P1141 01迷宫
01迷宫
题意:对于n*n的01矩阵,每次行动只能走到相邻的与当前格点不同的格点上,即若当前为0,则可以走到相邻的1上。有m次提问,输出对应位置(x,y)能到达的最多格点。
思路:(bfs+记忆化+连通块染色)
一开始打了一个比较蠢的记忆化,用f[i][j]储存i,j点的答案,如果重复提问同一点就可以直接输出答案,这样可以拿70分(雾)

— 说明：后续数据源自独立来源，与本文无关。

(* Let $\mathcal F$ be a proper filter on $\omega$. The games $\mathfrak G_1(\mathcal F)$ and $\mathfrak G(\mathrm{Fr},[\omega]^{<\omega},\mathcal F)$ are equivalent: a player has a winning strategy in one game if and only if the same player has a winning strategy in the other. Consequently, in either game, player I has a winning strategy if and only if $\mathcal F$ is meager, and player II never has a winning strategy.
   Context: A filter on $\omega$ is a family $\mathcal F\subseteq\mathcal P(\omega)$ closed under finite intersections and supersets and containing all cofinite sets; it is proper if all its members are infinite. $\mathcal P(\omega)$ is identified with $2^\omega$ with the product topology; ''meager'' refers to this topology. $\mathrm{Fr}$ is the family of cofinite subsets of $\omega$. Game $\mathfrak G(\mathcal X,[\omega]^{<\omega},\mathcal Z)$: at each stage $k\in\omega$, player I chooses $X_k\in\mathcal X$ and player II responds with a nonempty finite set $s_k\subseteq X_k$; II wins if $\bigcup_k s_k\in\mathcal Z$, otherwise I wins. Game $\mathfrak G_1(\mathcal F)$: at each stage $k$, player I chooses $m_k\in\omega$ and player II responds with $n_k\in\omega$; II wins if $n_0<n_1<\cdots$, $m_k<n_k$ for infinitely many $k$, and $\{n_k:k\in\omega\}\in\mathcal F$; otherwise I wins. *)

(* Subsets of omega are predicates nat -> Prop;
   P(omega) = 2^omega is the space of such predicates (bit i of X is "X i"). *)
From Stdlib Require Import List Arith.
Import ListNotations.

Definition subset_w := nat -> Prop.

Definition cofinite (X : subset_w) : Prop := exists N, forall n, N <= n -> X n.
Definition infinite_set (X : subset_w) : Prop := forall N, exists n, N <= n /\ X n.

Definition is_filter (F : subset_w -> Prop) : Prop :=
  (forall X, cofinite X -> F X) /\
  (forall X Y, F X -> F Y -> F (fun n => X n /\ Y n)) /\
  (forall X Y, F X -> (forall n, X n -> Y n) -> F Y).

Definition proper_filter (F : subset_w -> Prop) : Prop :=
  is_filter F /\ (forall X, F X -> infinite_set X).

(* Topology of 2^omega: basic clopen set determined by a finite initial segment. *)
Definition cyl (s : list bool) (X : subset_w) : Prop :=
  forall i, i < length s -> (X i <-> nth i s false = true).

Definition nowhere_dense (A : subset_w -> Prop) : Prop :=
  forall s : list bool, exists t : list bool,
    forall X, cyl (s ++ t) X -> ~ A X.

Definition meager (A : subset_w -> Prop) : Prop :=
  exists N : nat -> (subset_w -> Prop),
    (forall k, nowhere_dense (N k)) /\ (forall X, A X -> exists k, N k X).

Definition hist {A : Type} (x : nat -> A) (k : nat) : list A := map x (seq 0 k).

(* Finite sets chosen by II are represented by lists of naturals. *)
Definition legal_finite (s : list nat) (X : subset_w) : Prop :=
  s <> [] /\ forall n, In n s -> X n.

Definition union_of (s : nat -> list nat) : subset_w := fun n => exists k, In n (s k).

(* Strategy of I: from the previous moves of II, a cofinite set. *)
Definition I_wins_G (F : subset_w -> Prop) : Prop :=
  exists sigma : list (list nat) -> subset_w,
    (forall h, cofinite (sigma h)) /\
    forall s : nat -> list nat,
      (forall k, legal_finite (s k) (sigma (hist s k))) ->
      ~ F (union_of s).

(* Strategy of II: from the previous moves of I and I's current move, a finite set. *)
Definition II_wins_G (F : subset_w -> Prop) : Prop :=
  exists tau : list subset_w -> subset_w -> list nat,
    (forall h X, cofinite X -> legal_finite (tau h X) X) /\
    forall Xs : nat -> subset_w,
      (forall k, cofinite (Xs k)) ->
      F (union_of (fun k => tau (hist Xs k) (Xs k))).

Definition II_wins_play_G1 (F : subset_w -> Prop) (m n : nat -> nat) : Prop :=
  (forall k, n k < n (S k)) /\
  (forall K, exists k, K <= k /\ m k < n k) /\
  F (fun x => exists k, n k = x).

Definition I_wins_G1 (F : subset_w -> Prop) : Prop :=
  exists sigma : list nat -> nat,
    forall n : nat -> nat,
      ~ II_wins_play_G1 F (fun k => sigma (hist n k)) n.

Definition II_wins_G1 (F : subset_w -> Prop) : Prop :=
  exists tau : list nat -> nat -> nat,
    forall m : nat -> nat,
      II_wins_play_G1 F m (fun k => tau (hist m k) (m k)).

(* If F is covered by nowhere dense sets N_k, then above any finite pattern of
   length u there is a block [u, b) whose filling keeps every pattern of length u
   out of N_0, ..., N_k.  Player I forces II's set to miss infinitely many such
   blocks; filling them in yields a superset lying in no N_k, hence outside F, so
   II's set is not in F either.

   Conversely, a winning strategy of I is bounded on the finitely many positions
   below any bound, which yields an interval partition such that every member of F meets
   almost every interval (otherwise II enumerates that member, waiting for a
   missed interval, and wins); such a filter is meager.

   II never wins: I runs two plays against II's strategy so that II's answers in
   the two plays leapfrog each other, making the two resulting members of F
   disjoint, which a proper filter forbids.  In the game G_1 this needs one more
   observation: if II's replies at some position are bounded, I plays the bound,
   and since II must eventually beat I's move, I reaches a position where II's
   reply can be pushed arbitrarily high. *)

From Stdlib Require Import List Arith Lia Classical ClassicalEpsilon.
Import ListNotations.
Lemma plausible_prefix (R : realType) (A : pointedType) (I : countType)
    (nu : I -> probability (seqspace A) R) w m delta (om om' : seqspace A) n :
  prefix om n = prefix om' n -> plausible nu w m delta om n = plausible nu w m delta om' n.
Proof.
move=> e; have e_le k : (k <= n)%N -> prefix om k = prefix om' k.
  by move=> kn; rewrite (prefix_take om kn) (prefix_take om' kn) e.
apply/funext => i; apply/propext.
by split => above k kn; [rewrite -e_le|rewrite e_le] => //; exact: above.
Qed.

Theorem theorem6 (R : realType) (A : pointedType) (hA : countable [set: A])
  (I : countType) (nu : I -> probability (seqspace A) R)
  (nu_inj : injective nu)
  (w : I -> R) (w_pos : forall i, 0 < w i) (w_le1 : forall i, w i <= 1)
  (w_sum : esum [set: I] (fun i => (w i)%:E) = 1%E)
  (m : I) (delta : R) (delta_pos : 0 < delta) (delta_le1 : delta <= 1) :
  ((1 - delta)%:E <=
     nu m [set om | forall n, (d_t nu w m om n <= dhat nu w m delta om n)%E])%E
  /\
  ((1 - delta)%:E <=
     nu m [set om | forall n, (h_t nu w m om n <= hhat nu w m delta om n)%E])%E.
Proof.
have above_ge := ratio_stays_above_ge nu w_pos w_sum hA m delta_pos.
have measurable_above : measurable (ratio_stays_above nu w m delta).
  by apply: (measurable_prefix_determined hA) => n om om' ->.
split; apply: le_trans above_ge _; apply: le_measure; rewrite ?inE.
- exact: measurable_above.
- apply: (measurable_prefix_determined hA) => n om om' e.
  by rewrite /d_t /dhat /c_t e.
- by move=> om /(d_t_le_dhat w_pos w_sum hA delta_pos).
- exact: measurable_above.
- apply: (measurable_prefix_determined hA) => n om om' e.
  by rewrite /h_t /hhat (plausible_prefix _ _ _ _ e) e.
- by move=> om /(h_t_le_hhat w_pos).
Qed.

然后又想到对于一个点而言,能到达这个点的点答案一定与它相等,于是想到连通块染色,对于每一种连通块,答案是确定的,记录一下即可ac。
Code:
#include <iostream>
#include <cstdio>
#include <cstring>
#include <algorithm>
#include <cmath>
#include <queue>
using namespace std;
//Mystery_Sky
//
#define M 1000010
#define INF 0x3f3f3f3f
#define ll long long
inline int read()
{
int x=0, f=1;
char c = getchar();
while(c < '0' || c >'9') {if(c=='-') f=-1; c=getchar();}
while(c >= '0' && c <= '9') {x = x * 10 + c - '0'; c=getchar();}
return x*f;
}
struct node{
int x, y;
int sit;
};
int n, m;
int map[1001][1001], vis[1001][1001], f[1001][1001];
int Ans[M];
queue <node> Q;
const int dx[] = {0, 0, 1, -1};
const int dy[] = {1, -1, 0, 0};
inline void bfs(int x, int y, int s, int sum)
{
while(!Q.empty()) Q.pop();
vis[x][y] = 1;
Q.push((node){x, y, s});
int ans = 0;
while(!Q.empty()) {
node top = Q.front();Q.pop();
ans++;
for(int i = 0; i < 4; i++) {
int nx = top.x + dx[i];
int ny = top.y + dy[i];
if(nx <= 0 || nx > n || ny <= 0 || ny > n || vis[nx][ny]) continue;
if(map[nx][ny] == map[top.x][top.y]) continue;
vis[nx][ny] = 1;
Q.push((node) {nx, ny, map[nx][ny]});
}
map[top.x][top.y] = sum;
}
Ans[sum] = ans;
return;
}
int main() {
n = read(), m = read();
for(int i = 1; i <= n; i++) {
for(int j = 1; j <= n; j++) {
scanf("%1d", &map[i][j]);
}
}
int sum = 1;
for(int i = 1; i <= m; i++) {
int x, y;
x = read(), y = read();
if(Ans[map[x][y]] == 0) bfs(x, y, map[x][y], ++sum);
printf("%d\n", Ans[map[x][y]]);
}
return 0;
}
唯愿,青春不辜负梦想,未来星辰闪耀